# Good airflow



## Jrod15 (Jun 3, 2005)

I just got a cheap $20 case and I put 4 HDDs in it. The case has no fans around the hard drives and no open spots in the front where the hard drives are. I don't even have any fans in it. I didn't really think about cooling when I got the case cause I just wanted a storage computer. But I noticed the computer was running quite slow, or when I was trying to access data on a Hard Drive it would be really slow. So I checked the temps and the Hard drive temps are around 55 C. I thought that was kinda high so I check my other computer, and I have a thermaltake armor case or something. I have 4 hard drives in that as well and most of the Temps are around 30C. So I'm guessing I need a new case :/. Can someone suggest something that isn't too expensive. I just spent a lot of money and put a new computer together. 

Thank you very much.


----------



## grimx133 (Jan 15, 2008)

30C. good, 55C. bad.

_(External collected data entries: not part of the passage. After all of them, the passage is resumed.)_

Lemma ps_count_empty n : ps_count ps_empty n = 0%N.
Proof. by rewrite ps_count_card0 ?card_void. Qed.

Lemma ps_count_mul0r (X : permSet) n : ps_count (ps_mul X ps_empty) n = 0%N.
Proof. by rewrite ps_count_card0 //= card_prod card_void muln0. Qed.

Lemma ps_count_mul0l (X : permSet) n : ps_count (ps_mul ps_empty X) n = 0%N.
Proof. by rewrite ps_count_card0 //= card_prod card_void. Qed.

Lemma ps_count_iso (X Y : permSet) n : ps_iso X Y -> ps_count X n = ps_count Y n.
Proof.
case=> h [h_bij hC]; have [g hK gK] := h_bij; have h_inj := bij_inj h_bij.
rewrite /ps_count /cycle_count -(card_imset _ h_inj); congr #|pred_of_set _|.
apply/setP => y; rewrite !inE; apply/imsetP/idP => [[x]|yn].
  by rewrite !inE => xn ->; rewrite (card_porbit_equiv hC _ h_inj).
by exists (g y); rewrite ?gK // !inE -(card_porbit_equiv hC _ h_inj) gK.
Qed.

Lemma ps_iso_count (X Y : permSet) :
  (forall n, ps_count X n = ps_count Y n) -> ps_iso X Y.
Proof.
move=> eq_count; have [Y0|[y0 _]] := set_0Vmem [set: ps_car Y].
  have noX (x : ps_car X) : False.
    have := cycle_count_gt0 (ps_perm X) (in_setT x).
    by rewrite -/(ps_count X _) eq_count /ps_count Y0 cycle_count0.
  have noY (y : ps_car Y) : False by move: (in_setT y); rewrite Y0 inE.
  exists (fun x => match noX x with end); split=> [|x]; last by case: (noX x).
  by exists (fun y => match noY y with end) => [x|y]; [case: (noX x) | case: (noY y)].
have [||h [h_inj h_im hC]] := equiv_bij_on_cycle_count y0 _ _ eq_count.
- by move=> x; rewrite in_setT.
- by move=> y; rewrite in_setT.
exists h; split=> [|x]; last by rewrite hC ?in_setT.
apply: inj_card_bij => [x1 x2|]; first by apply: h_inj; rewrite in_setT.
by rewrite -cardsT -h_im (leq_trans (leq_imset_card _ _)) ?max_card.
Qed.

Lemma ps_count_add (X Y : permSet) n :
  ps_count (ps_add X Y) n = (ps_count X n + ps_count Y n)%N.
Proof.
have inlC x : inl (ps_perm X x) = ps_perm (ps_add X Y) (inl x) by rewrite permE.
have inrC y : inr (ps_perm Y y) = ps_perm (ps_add X Y) (inr y) by rewrite permE.
have inl_inj : injective (@inl (ps_car X) (ps_car Y)) by move=> ? ? [].
have inr_inj : injective (@inr (ps_car X) (ps_car Y)) by move=> ? ? [].
rewrite /ps_count /cycle_count -!sum1_card big_sumType /=.
congr (_ + _)%N; apply: eq_bigl => z; rewrite !inE.
  by rewrite (card_porbit_equiv inlC _ inl_inj).
by rewrite (card_porbit_equiv inrC _ inr_inj).
Qed.

Lemma ps_count_cycle m n : ps_count (ps_cycle m) n = if m == n then m else 0%N.
Proof.
case: m => [|m]; first by rewrite ps_count_card0 ?card_ord //; case: ifP.
have iter_ordS k (z : 'I_m.+1) : val (iter k (@ordS m.+1) z) = ((z + k) %% m.+1)%N.
  elim: k => [|k IH] /=; first by rewrite addn0 modn_small.
  by rewrite IH -addn1 modnDml addnS addn0 addnS.
have porbitT (z : 'I_m.+1) : porbit (ps_perm (ps_cycle m.+1)) z = setT.
  apply/setP => w; rewrite inE; apply/porbitP; exists (w + m.+1 - z)%N.
  apply: val_inj; rewrite permX /= (eq_iter (fun v => permE _ v)) iter_ordS.
  rewrite subnKC; last by rewrite (leq_trans (ltnW (ltn_ord z))) ?leq_addl.
  by rewrite modnDr modn_small.
rewrite /ps_count /cycle_count; under eq_finset do rewrite porbitT cardsT card_ord.
by case: eqP => _; rewrite setIdE ?setIT ?setI0 ?cardsT ?card_ord ?cards0.
Qed.

Lemma bz_eq_count (u v : BZ) :
  (forall n, ps_count u.1 n + ps_count v.2 n = ps_count v.1 n + ps_count u.2 n)%N ->
  bz_eq u v.
Proof.
move=> eq_count; exists ps_empty; apply: ps_iso_count => n.
by rewrite !ps_count_add eq_count.
Qed.

(** * Connected components of a rack *)

Lemma sub_cofixset (T : finType) (F : {set T} -> {set T}) (A : {set T}) :
  {homo F : B C / B \subset C} -> A \subset F A -> A \subset cofixset F.
Proof.
move=> F_mono AF; rewrite /cofixset /fixset subsetC.
elim: #|T| => [|k IH] /=; first by rewrite sub0set.
by rewrite /funsetC setCS (subset_trans AF) // F_mono // subsetC.
Qed.

Lemma orbit_gen_sub (T : finType) (X : {set {perm T}}) (S : {set T}) y :
  (forall g z, g \in X -> z \in S -> g z \in S) -> y \in S ->
  orbit 'P <<X>> y \subset S.
Proof.
move=> XS yS; rewrite acts_sub_orbit // gen_subG.
by apply/subsetP => g gX; rewrite !inE; apply/subsetP => z zS; rewrite inE /= XS.
Qed.

Lemma orbit_perm_act (T : finType) (G : {group {perm T}}) g y z :
  g \in G -> (g z \in orbit 'P G y) = (z \in orbit 'P G y).
Proof. exact: orbit_actr. Qed.

Section InnerGroups.
Variable R : finRack.
Implicit Types (a b y z : R) (g : {perm R}) (A B : {set R}).

Lemma lpermE a b : lperm a b = rk_op a b.
Proof. by rewrite permE. Qed.

Definition rack_aut : {set {perm R}} :=
  [set g : {perm R} | [forall a, [forall b, g (rk_op a b) == rk_op (g a) (g b)]]].

Lemma rack_autP g : reflect (rack_hom g) (g \in rack_aut).
Proof.
rewrite inE; apply: (iffP forallP) => [g_hom a b|g_hom a].
  by apply/eqP; move/forallP: (g_hom a).
by apply/forallP => b; rewrite g_hom.
Qed.

Lemma rack_aut_group_set : group_set rack_aut.
Proof.
apply/group_setP; split; first by apply/rack_autP => a b; rewrite !perm1.
move=> g h /rack_autP g_hom /rack_autP h_hom.
by apply/rack_autP => a b; rewrite !permM g_hom h_hom.
Qed.
Canonical rack_aut_group := group rack_aut_group_set.

Lemma lperm_aut a : lperm a \in rack_aut.
Proof. by apply/rack_autP => b c; rewrite !lpermE rk_sd. Qed.

Lemma lperm_aut_conj g a : g \in rack_aut -> lperm (g a) = lperm a ^ g.
Proof.
move/rack_autP => g_hom; apply/permP => z.
by rewrite conjgE !permM lpermE -[in LHS](permKV g z) -g_hom lpermE.
Qed.

Lemma lperm_cycle g a : g \in <[lperm a]> -> lperm (g a) = lperm a.
Proof.
move=> g_a; have g_aut : g \in rack_aut.
  by apply: subsetP g_a; rewrite cycle_subG lperm_aut.
rewrite lperm_aut_conj // conjgE; case/cycleP: g_a => i ->.
by rewrite (commuteX i (commute_refl _)) mulKg.
Qed.

Definition inn A : {group {perm R}} := <<[set lperm a | a in A]>>%G.

Lemma lperm_inn A a : a \in A -> lperm a \in inn A.
Proof. by move=> aA; apply: mem_gen; apply: imset_f. Qed.

Lemma inn_aut A : inn A \subset rack_aut.
Proof. by rewrite gen_subG; apply/subsetP => _ /imsetP[a _ ->]; apply: lperm_aut. Qed.

Lemma innS A B : A \subset B -> inn A \subset inn B.
Proof. by move=> AB; apply: genS; apply: imsetS. Qed.

Lemma inn_setT : inn setT = Inn R.
Proof.
by apply: val_inj; congr <<_>>; apply/setP => g; apply/imsetP/imsetP => -[a _ ->]; exists a.
Qed.

Lemma orbit_innS A B y : A \subset B -> orbit 'P (inn A) y \subset orbit 'P (inn B) y.
Proof. by move/innS; apply: imsetS. Qed.

Lemma orbit_inn_sub A (S : {set R}) y :
  (forall a z, a \in A -> z \in S -> lperm a z \in S) -> y \in S ->
  orbit 'P (inn A) y \subset S.
Proof. by move=> AS; apply: orbit_gen_sub => _ z /imsetP[a aA ->]; apply: AS. Qed.

End InnerGroups.

(* The component of y is the greatest A with A = orbit of y under inn A, that
   is, the largest set containing y on which its own inner group acts
   transitively. *)
HB.lock Definition component (R : finRack) (y : R) : {set R} :=
  cofixset (fun A => orbit 'P (inn A) y).

Section Components.
Variable R : finRack.
Implicit Types (a y z : R) (g : {perm R}) (A : {set R}).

Don't see the hard drives lasting too long at that temp. Did you check the rest of them? cpu, motherboard etc. 
You're not going to get much better than this Cooler Master for 40 bucks (sale). Only has the one rear fan, you'd probablt want to put a 120mm. in the bottom front of the case. There is a spot for one. http://www.newegg.com/Product/Product.aspx?Item=N82E16811119115


----------



## Jrod15 (Jun 3, 2005)

Wow, that looks good. Yeah all my temps are high. On my newer pc they are all good. I think I will get that. Do you have any suggestions on a 120MM fan for the front? And are they easy to install? I've never put a fan on a case :x. haha thanks though man.


----------



## grimx133 (Jan 15, 2008)

One of my cases is the Centurion 534+ and that is very similar. http://www.newegg.com/Product/Product.aspx?Item=N82E16811119106 Has a different tool-free system and has one more fan, a side inake. For a front fan, it needs to be 120x120x25mm. in size and they usually can either connect to a system fan header on the motherboard or with an adapter, connect to a molex connector. With the molex, it'd be on at full speed unless you mod it to run on lower voltage, or if it's something like an Antec TriCool it would have a speed controller on it. The antec fans are fairly quiet on low anyway. http://www.newegg.com/Product/Product.aspx?Item=N82E16835209006 
Scythe also makes some very nice fans, this one has less airflow than the antec, except when it's on low, but no speed control. Not a big deal though, it's quieter at all times. http://www.newegg.com/Product/Product.aspx?Item=N82E16835185057 
You might be able to find a case with more fans and cheaper, but for the price, you can't beat the CoolerMaster cases.


----------



## Jrod15 (Jun 3, 2005)

Hmmm, I think I like the first case you showed me. So that Antec fan would work for that case right? Cause I want to get the most airflow possible.


----------



## grimx133 (Jan 15, 2008)

Yep, the Antec will fit fine. Most 120mm. fans are 25mm thick, and that's what you need. There is the odd fan that is 120x120x38mm., but it won't fit, too bad as Scythe has one and it has a ton of airflow. just too thick to fit between the drive cage and the front of the case. 
One thing I forget to mention earlier is screws. Fans don't take the same screw as others in your computer, thicker shaft and small head sort of. Some fans come with fan screws, but the Antecs don't, unless they changed it. Couldn't find them on newegg, but here's a good picture of what they look like. http://www.ncix.com/products/index.php?sku=25779&vpn=CASEFANSCREWS&manufacture=Nexus Technology USA


----------